Managers need to trace social impacts and vulnerability caused by environmental change all the way to its driving forces to target key system components for intervention. However, most available scientific evidence deals with either the ecological impacts of direct drivers or the value of ecosystem benefits to people. Our matrix-based tool combines these types of evidence to make environmental management problems traceable through a structured yet flexible procedure. The tool consists of a series of matrices that sequentially link direct drivers of environmental change, landscapes, ecological conditions, benefits to people, and stakeholder types. Qualitative matrices result from the integration and synthesis of available evidence from literature reviews, and where data is scarce, these are used to elicit quantitative scores from expert opinion. Expert scoring of links and multiplication of matrices allow for estimating the impacts of each driver of environmental change on each stakeholder type and using this information as input to assess stakeholders’ vulnerability through impact-influence diagrams.

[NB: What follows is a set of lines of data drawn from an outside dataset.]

Lemma Cop_step_from_odd n (c : 'I_N -> algC) : odd n ->
  (forall a : 'I_N, C n (pos a) (pos a) v = c a *: v /\ C n (pos a) (neg a) v = 0) ->
  forall a : 'I_N, C n.+1 (pos a) (pos a) v = (lam a * c a) *: v
                /\ C n.+1 (pos a) (neg a) v = c a *: rho (pos a) (neg a) v.
Proof.
move=> n_odd H a; have sign_n : (-1) ^+ n = -1 :> algC by rewrite -signr_odd n_odd.
have [Ha Ha'] := H a.
rewrite Cop_diag_step Cop_anti_step sign_n addrN scale0r subr0 Ha Ha'.
rewrite (linop0 (rho_linear _ _)) (linopZ (rho_linear _ _)) scaler0 !addr0 subr0 scalerA.
split=> //; rewrite big1 ?addr0 ?scaler0 ?addr0 // => b _.
exact: (proj2 (H b)).
Qed.

Lemma Cop_even_level m (a : 'I_N) :
  C (2 * m) (pos a) (pos a) v = (lam a * hwcoef lam m a) *: v
  /\ C (2 * m) (pos a) (neg a) v = hwcoef lam m a *: rho (pos a) (neg a) v.
Proof.
elim: m a => [|m IH] a; first by rewrite /= v_wt mulr1 scale1r.
have even_2m : ~~ odd (2 * m) by rewrite mul2n odd_double.
rewrite mulnS; apply: (Cop_step_from_odd (n := (2 * m).+1)) => [|b].
  by rewrite /= even_2m.
exact: (Cop_step_from_even even_2m IH).
Qed.

End HighestWeightVector.

End Representation.

Unset Implicit Arguments.

Theorem mainTheorem10 (N : nat) (V : lmodType algC) (rho : int -> int -> V -> V)
  (lam : 'I_N -> algC) (v : V) :
  is_qN_rep N rho ->
  (forall i j, i \in idxI N -> j \in idxI N -> (absz i < absz j)%N -> rho i j v = 0) ->
  (forall i : 'I_N, rho (Posz i.+1) (Posz i.+1) v = lam i *: v) ->
  forall (m : nat) (i : 'I_N),
    Cact N rho (2 * m + 1)%N (Posz i.+1) (Posz i.+1) v
    = (\sum_(j < N) ((Amx lam) ^+ m) i j * lam j) *: v.
Proof.
move=> rep v_hw v_wt m i.
rewrite addn1 sum_Amx_exp.
by case: (Cop_even_level rep v_hw v_wt m i).
Qed.
(* Let $\mathsf{R}^s$ be the set of all symmetric Epstein relations and $\mathsf{R}^n$ the set of all Epstein relations $\mathfrak{R}$ satisfying: for all $\varphi,\psi\in\mathsf{FOR}$, if $\langle\neg\varphi,\psi\rangle\in\mathfrak{R}$ then $\langle\varphi,\psi\rangle\in\mathfrak{R}$. Neither $\mathsf{R}^s$ nor $\mathsf{R}^n$ is definable.
   Context: Language: propositional letters $\Phi=\{p_0,p_1,\dots\}$; connectives $\neg$, $\lor,\wedge,\to,\leftrightarrow,\vartriangle,\looparrowright$; $\mathsf{FOR}$ the set of all formulas. An Epstein model is $\langle v,\mathfrak{R}\rangle$ with $v:\Phi\to\{0,1\}$ and $\mathfrak{R}\subseteq\mathsf{FOR}^2$ (an Epstein relation); truth: letters via $v$, boolean connectives classical, $\langle v,\mathfrak{R}\rangle\vDash\varphi\vartriangle\psi$ iff both true and $\langle\varphi,\psi\rangle\in\mathfrak{R}$; $\langle v,\mathfrak{R}\rangle\vDash\varphi\looparrowright\psi$ iff $\varphi\to\psi$ true and $\langle\varphi,\psi\rangle\in\mathfrak{R}$. $\mathfrak{R}\vDash\varphi$ iff $\langle v,\mathfrak{R}\rangle\vDash\varphi$ for every valuation $v$; $\mathfrak{R}\vDash\Gamma$ iff $\mathfrak{R}\vDash\gamma$ for every $\gamma\in\Gamma$. A set $\mathsf{K}$ of Epstein relations is definable iff there is $\Gamma\subseteq\mathsf{FOR}$ such that for every Epstein relation $\mathfrak{R}$: $\mathfrak{R}\vDash\Gamma$ iff $\mathfrak{R}\in\mathsf{K}$. *)

Inductive formula : Type :=
  | Var : nat -> formula
  | Neg : formula -> formula
  | Or : formula -> formula -> formula
  | And : formula -> formula -> formula
  | Imp : formula -> formula -> formula
  | Iff : formula -> formula -> formula
  | RelAnd : formula -> formula -> formula
  | RelImp : formula -> formula -> formula.

Definition epstein_relation : Type := formula -> formula -> Prop.

Definition valuation : Type := nat -> bool.

Fixpoint sat (v : valuation) (R : epstein_relation) (f : formula) : Prop :=
  match f with
  | Var n => v n = true
  | Neg a => ~ sat v R a
  | Or a b => sat v R a \/ sat v R b
  | And a b => sat v R a /\ sat v R b
  | Imp a b => sat v R a -> sat v R b
  | Iff a b => (sat v R a <-> sat v R b)
  | RelAnd a b => (sat v R a /\ sat v R b) /\ R a b
  | RelImp a b => (sat v R a -> sat v R b) /\ R a b
  end.

Definition rvalid (R : epstein_relation) (f : formula) : Prop :=
  forall v : valuation, sat v R f.

Definition rvalid_set (R : epstein_relation) (G : formula -> Prop) : Prop :=
  forall g, G g -> rvalid R g.

Definition definable (K : epstein_relation -> Prop) : Prop :=
  exists G : formula -> Prop, forall R : epstein_relation, rvalid_set R G <-> K R.

Definition R_sym (R : epstein_relation) : Prop :=
  forall a b, R a b -> R b a.

Definition R_neg (R : epstein_relation) : Prop :=
  forall a b, R (Neg a) b -> R a b.

(* Under a valuation v, truth in <v, R> consults R only at pairs <φ, ψ> for
   which φ → ψ is true under v; changing R at a pair whose implication fails
   under v changes nothing.  Hence if, for each v separately, R agrees with
   some member of a definable class K up to such pairs, then R validates
   every Γ defining K, so R belongs to K.  With p a letter, <p, ¬p> is
   v-irrelevant when p is true and <¬p, p> when p is false, so the
   non-symmetric {<p, ¬p>} passes for the empty relation or for its
   symmetric closure.  Likewise {<¬p, p ∧ ¬p>}, outside R^n, passes for the
   empty relation or for {<¬p, p ∧ ¬p>, <p, p ∧ ¬p>}. *)

From Stdlib Require Import Setoid.

Definition rel_empty : epstein_relation := fun _ _ => False.

Definition rel_pair (a b : formula) : epstein_relation :=
  fun x y => x = a /\ y = b.

Definition rel_union (R S : epstein_relation) : epstein_relation :=
  fun x y => R x y \/ S x y.

Definition falsum : formula := And (Var 0) (Neg (Var 0)).

Lemma sat_rel_agree (v : valuation) (R S : epstein_relation) :
  (forall a b, (sat v R a -> sat v R b) -> (R a b <-> S a b)) ->
  forall f, sat v R f <-> sat v S f.
Proof.
  intros HRS f; induction f as [| | | | | | a IHa b IHb | a IHa b IHb];
    simpl; try tauto.
  - rewrite <- IHa, <- IHb.
    split; intros [[Ha Hb] Hr]; split; auto; apply (HRS a b); auto.
  - rewrite <- IHa, <- IHb.
    split; intros [Hi Hr]; split; auto; apply (HRS a b); auto.
Qed.

Lemma sat_rel_off_pair (v : valuation) (R S : epstein_relation) (a b : formula) :
  ~ (sat v R a -> sat v R b) ->
  (forall x y, ~ (x = a /\ y = b) -> (R x y <-> S x y)) ->
  forall f, sat v R f <-> sat v S f.
Proof.
  intros Hab HRS; apply sat_rel_agree; intros x y Hxy.
  apply HRS; intros [-> ->]; contradiction.
Qed.

Lemma definable_closed_valuationwise (K : epstein_relation -> Prop)
    (R : epstein_relation) :
  definable K ->
  (forall v, exists2 S, K S & forall f, sat v R f <-> sat v S f) ->
  K R.
Proof.
  intros [G HG] Hloc; apply HG; intros g Hg v.
  destruct (Hloc v) as [S KS HRS].
  apply HRS, (proj2 (HG S) KS g Hg v).
Qed.

Lemma R_sym_empty : R_sym rel_empty.
Proof. intros a b []. Qed.

Lemma R_sym_pair_closure (a b : formula) :
  R_sym (rel_union (rel_pair a b) (rel_pair b a)).
Proof. intros x y [[-> ->] | [-> ->]]; [right | left]; split; reflexivity. Qed.

Lemma not_R_sym_pair (a b : formula) : a <> b -> ~ R_sym (rel_pair a b).
Proof. intros Hab Hs; destruct (Hs a b (conj eq_refl eq_refl)); auto. Qed.

Lemma R_neg_empty : R_neg rel_empty.
Proof. intros a b []. Qed.

Lemma R_neg_pair_closure (n : nat) (c : formula) :
  R_neg (rel_union (rel_pair (Neg (Var n)) c) (rel_pair (Var n) c)).
Proof.
  intros a b [[Ha ->] | [Ha _]]; [| discriminate].
  injection Ha as ->; right; split; reflexivity.
Qed.

Lemma not_R_neg_pair (n : nat) (c : formula) :
  ~ R_neg (rel_pair (Neg (Var n)) c).
Proof. intros Hn; destruct (Hn (Var n) c (conj eq_refl eq_refl)); discriminate. Qed.

Lemma not_definable_R_sym : ~ definable R_sym.
Proof.
  intros Hdef.
  apply (not_R_sym_pair (Var 0) (Neg (Var 0))); [discriminate |].
  apply (definable_closed_valuationwise _ _ Hdef); intros v.
  destruct (v 0) eqn:Hp.
  - exists rel_empty; [exact R_sym_empty |].
    apply (sat_rel_off_pair _ _ _ (Var 0) (Neg (Var 0))).
    + simpl; rewrite Hp; auto.
    + intros x y Hxy; unfold rel_pair, rel_empty; tauto.
  - exists (rel_union (rel_pair (Var 0) (Neg (Var 0)))
                      (rel_pair (Neg (Var 0)) (Var 0)));
      [apply R_sym_pair_closure |].
    apply (sat_rel_off_pair _ _ _ (Neg (Var 0)) (Var 0)).
    + simpl; rewrite Hp; intros Himp; discriminate (Himp ltac:(discriminate)).
    + intros x y Hxy; unfold rel_union, rel_pair in *; tauto.
Qed.

Lemma not_definable_R_neg : ~ definable R_neg.
Proof.
  intros Hdef.
  apply (not_R_neg_pair 0 falsum).
  apply (definable_closed_valuationwise _ _ Hdef); intros v.
  destruct (v 0) eqn:Hp.
  - exists (rel_union (rel_pair (Neg (Var 0)) falsum) (rel_pair (Var 0) falsum));
      [apply R_neg_pair_closure |].
    apply (sat_rel_off_pair _ _ _ (Var 0) falsum).
    + simpl; tauto.
    + intros x y Hxy; unfold rel_union, rel_pair in *; tauto.
  - exists rel_empty; [exact R_neg_empty |].
    apply (sat_rel_off_pair _ _ _ (Neg (Var 0)) falsum).
    + simpl; rewrite Hp; intros Himp; destruct (Himp ltac:(discriminate)); discriminate.
    + intros x y Hxy; unfold rel_pair, rel_empty; tauto.
Qed.

Theorem mainTheorem11 : ~ definable R_sym /\ ~ definable R_neg.
Proof. exact (conj not_definable_R_sym not_definable_R_neg). Qed.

Applying the tool to the Argentine Gran Chaco, a globally threatened ecoregion, yielded a transparent and reliable picture of this data-scarce place, with important management implications. Tracing stakeholder impacts back to direct drivers confirmed that further encroachment of cleared areas around indigenous lands will increase the vulnerability of this social group. Also, assessing confidence levels for every social-ecological link suggested that incentivizing peasant farmers to restore natural forage supply represents a management opportunity to reverse degradation. Our tool makes interdisciplinary frameworks of linked ecological and social systems operational so managers can use the best available knowledge of a place and account for uncertainty to make environmental management decisions.